Your assignment ▸
May I have the lines from the one containing "replace (Gamma x" to the end of the entries, returned exactly and with nothing else?

Supplied records ▸
(** * The digamma function *)

Lemma Derive_Gamma_succ x : 0 < x -> Derive Gamma (x + 1) = Gamma x + x * Derive Gamma x.
Proof.
  intros Hx.
  pose proof (is_lim_seq_slope_Derive Gamma (log_convex_convex Gamma Gamma_gt0 Gamma_log_convex))
    as Hlim.
  assert (Hn : forall n, slope Gamma (x + 1) (Rbar_loc_seq 0 n)
      = Gamma x + Rbar_loc_seq 0 n * slope Gamma x (Rbar_loc_seq 0 n)
        + x * slope Gamma x (Rbar_loc_seq 0 n)).
  { intros n. pose proof (Rbar_loc_seq_0_pos n). set (h := Rbar_loc_seq 0 n) in *. unfold slope.
    replace (x + 1 + h) with ((x + h) + 1) by ring. rewrite !Gamma_succ by lra. field. lra. }
  apply (is_lim_seq_fin_unique (fun n => slope Gamma (x + 1) (Rbar_loc_seq 0 n))); [apply Hlim; lra |].
  eapply is_lim_seq_ext; [intros n; symmetry; apply Hn |].
  replace (Gamma x + x * Derive Gamma x) with (Gamma x + 0 * Derive Gamma x + x * Derive Gamma x) by ring.
  apply is_lim_seq_plus'; [apply is_lim_seq_plus' |].
  - apply is_lim_seq_const.
  - apply is_lim_seq_mult'; [apply (is_lim_seq_Rbar_loc_seq 0) | now apply Hlim].
  - apply (is_lim_seq_scal_l _ x _ (Hlim x Hx)).
Qed.

Lemma digamma_succ x : 0 < x -> digamma (x + 1) = digamma x + 1 / x.
Proof.
  intros Hx. pose proof (Gamma_gt0 x Hx). unfold digamma.
  rewrite Derive_Gamma_succ, Gamma_succ by auto. field. lra.
Qed.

Result ▸
  replace (Gamma x + x * Derive Gamma x) with (Gamma x + 0 * Derive Gamma x + x * Derive Gamma x) by ring.
  apply is_lim_seq_plus'; [apply is_lim_seq_plus' |].
  - apply is_lim_seq_const.
  - apply is_lim_seq_mult'; [apply (is_lim_seq_Rbar_loc_seq 0) | now apply Hlim].
  - apply (is_lim_seq_scal_l _ x _ (Hlim x Hx)).
Qed.

Lemma digamma_succ x : 0 < x -> digamma (x + 1) = digamma x + 1 / x.
Proof.
  intros Hx. pose proof (Gamma_gt0 x Hx). unfold digamma.
  rewrite Derive_Gamma_succ, Gamma_succ by auto. field. lra.
Qed.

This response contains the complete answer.